Friday, May 18, 2007

An estimate of the Probability of getting a 4 Letter Acronym Formed by Blog Subtitles

Kent at The Digression blog asks: What is the probability of a blog's subtitle's first letter of each word producing a meaningful acronym?

Apparently the subtitle for my blog makes the acronym MPEG. MPEG is the acronym for a file format that contains movies or motion pictures.

Well be careful what you ask for, cause here's my answer! :-)

First, let's simplify this by asking, what is the probability of producing a meaningful 4 letter acronym given that the blog has a 4 word subtitle.

The probability of getting a meaningful 4 letter acronym given that the blog has a 4 word subtitle is: P(4 letter meaningful Acronym blog has 4 word subtitle).

Using Bayes rule of conditional probability, we can say that P(4A blog4subtitle) = P(blog4subtitle 4A) x P(4A) / P(blog4subtitle).

The P(4A) = #meaningful 4 letter Acronyms / #of Possible 4 letter Acronyms

The P(blog4subtitle) = #of blogs with 4 word subtitles / #of blogs, the probability that out of all blogs, the chosen blog has a 4 word subtitle.

The conditional probability P(blog4subtitle 4A) = Probability of getting a blog with 4 words in the subtitle given that it has a 4 letter meaningful acronym) = 1

So then P(4A blog4subtitle) = 1xP(4A) / P(blog4subtitle).

Let's proceed shall we?

A rough estimation of the #of meaningful 4 letter acronyms is... well that's kind of hard. Ok so here's where we can get all statistical.

On Wikipedia we can find a list of all acronyms known to wikipedia . Sampling the population of A acronyms I can count that for each section of the A page (26 sections, the acronyms are broken down into the AA, AB, AC...AZ sections) there are about 10 4-letter acronyms. Let's assume that the actual number per section is distributed according to a normal distribution ~ N(10, 2)...i.e. The number of 4 letter acronyms per section is 10+-about 2 per section. We can do this because for large n, the binomial distribution is approximated by a normal distribution. There are 26 sections per page...and 26 pages...thus 676 sections. Taking this into account, we can say that the number of 4 letter acronyms in existence has a sampled distribution of ~N(676*10, 676*2) which means that there will be on average an estimated 6760 4 letter acronyms based on our small sample distribution of 1 section of the A acronyms on wikipedia.

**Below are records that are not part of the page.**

(* the position j (1-based) of i in sigma listed in increasing order *)
Definition pos (n : nat) (i : 'I_n.+1) (s : {set 'I_n.+1}) : nat :=
  #|[set k in s | (k <= i)%N]|.

(* D(A): the Q-vector space with basis the subsets of A *)
Definition cochain (n : nat) := {ffun {set 'I_n.+1} -> rat^o}.

Definition ebasis (n : nat) (s : {set 'I_n.+1}) : cochain n :=
  [ffun t => (t == s)%:R].

Definition dbasis (l n : nat) (x : 'I_n.+1 -> 'M[Cplx]_l) (s : {set 'I_n.+1})
  : cochain n :=
  \sum_(i in s | (meet x (s :\ i) == meet x s)%MS)
     ((-1) ^+ pos i s) *: ebasis (s :\ i).

Definition dD (l n : nat) (x : 'I_n.+1 -> 'M[Cplx]_l) (f : cochain n) : cochain n :=
  \sum_(s : {set 'I_n.+1}) f s *: dbasis x s.

Definition homog (l n : nat) (x : 'I_n.+1 -> 'M[Cplx]_l) (k : int) (f : cochain n)
  : Prop := forall s, f s != 0 -> deg x s = k.

Definition DAprime (n : nat) : {vspace cochain n} :=
  (\sum_(s : {set 'I_n.+1} | ord0 \notin s) <[ebasis s]>)%VS.

Definition simA (l n : nat) (x : 'I_n.+1 -> 'M[Cplx]_l) (y z : 'I_n.+1) : bool :=
  (x ord0 :&: x y == x ord0 :&: x z)%MS.

Definition inE_ (l n : nat) (x : 'I_n.+1 -> 'M[Cplx]_l) (u v : 'I_n.+1) : bool :=
  [&& u != ord0, v != ord0, u != v & simA x u v].

(* I_{u,v}, lifted to D(A): span of representatives of its generators *)
Definition Iuv (l n : nat) (x : 'I_n.+1 -> 'M[Cplx]_l) (u v : 'I_n.+1)
  : {vspace cochain n} :=
  (\sum_(Y : {set 'I_n.+1} | Y \subset ~: [set ord0; u; v])
     (<[ebasis (ord0 |: (u |: Y)) - ebasis (ord0 |: (v |: Y))]>
      + <[ebasis (ord0 |: (u |: (v |: Y)))]>))%VS.

(* Vhat = preimage in D(A) of V = sum_{(u,v) in E} I_{u,v} under the quotient
   map D(A) -> D(A)/D(A'):   Vhat = sum I_{u,v} + D(A').
   A class [f] of D(A)/D(A') lies in V  iff  f \in Vhat. *)
Definition Vhat (l n : nat) (x : 'I_n.+1 -> 'M[Cplx]_l) : {vspace cochain n} :=
  ((\sum_(u : 'I_n.+1) \sum_(v : 'I_n.+1 | inE_ x u v) Iuv x u v) + DAprime n)%VS.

On the other hand computing the number of possible 4 letter acronyms is easy.... 26X26X26X26 = 456976.

Estimating the number of blogs with 4 letter subtitles is also difficult. But again, let's say that the number words in the subtitle of a blog is distributed according to a binomial distribution with mean 6. Assuming that the max number of words in the subtitle is 20, the probability of getting a 4 word subtitle can be approximated by 20!/[4! x 16!] x .3^4 x (.7)^16 = .13 This means that obtaining a blog with 4 letters would be the probability of obtaining a 4 letter blog times the number of blogs available.

The available #of blogs is 66 million...according to BlogHerald .

So(P(blog4subtitle) = .13 x 66million/66million = .13

Thus our final estimation of the probability of getting a meaningful acronym given a four word subtitle is distributed according to a N(6760/456976/.113, 1352/456976/.113) distribution. (It is a distribution because I had to estimate the number of 4 letter acronyms in order not to have to count them.) Thus I can't be 100% sure what the real probability is. However the mean probability from my estimation is about 11.3% with a variation of 2%. And I can say with 99% confidence that the true probability of obtaining a 4 letter meaningful acronym given my 4 word subtitle lies between 6% and 16%.

That was fun wasn't it? With statistics anything is possible to estimate!

2 comments:

Kent said...

*jaw drops to floor*

What can I say? There I was just popping off, and now I read an actual worked out solution! Very cool!

Even better, I could actually sort of follow along.

Nice job - you put the "fun" in "MPEG".

Now, my next task is to verify your work. I shall now log on to each and every blog and check the subtitles. Could take a while. Better get started...

Nathan said...

My favorite Acronym is TLA. It stand for Three Letter Acronym. The great thing is that TLA is a TLA. There are a lot of TLAs in the IT(another Acronym) field.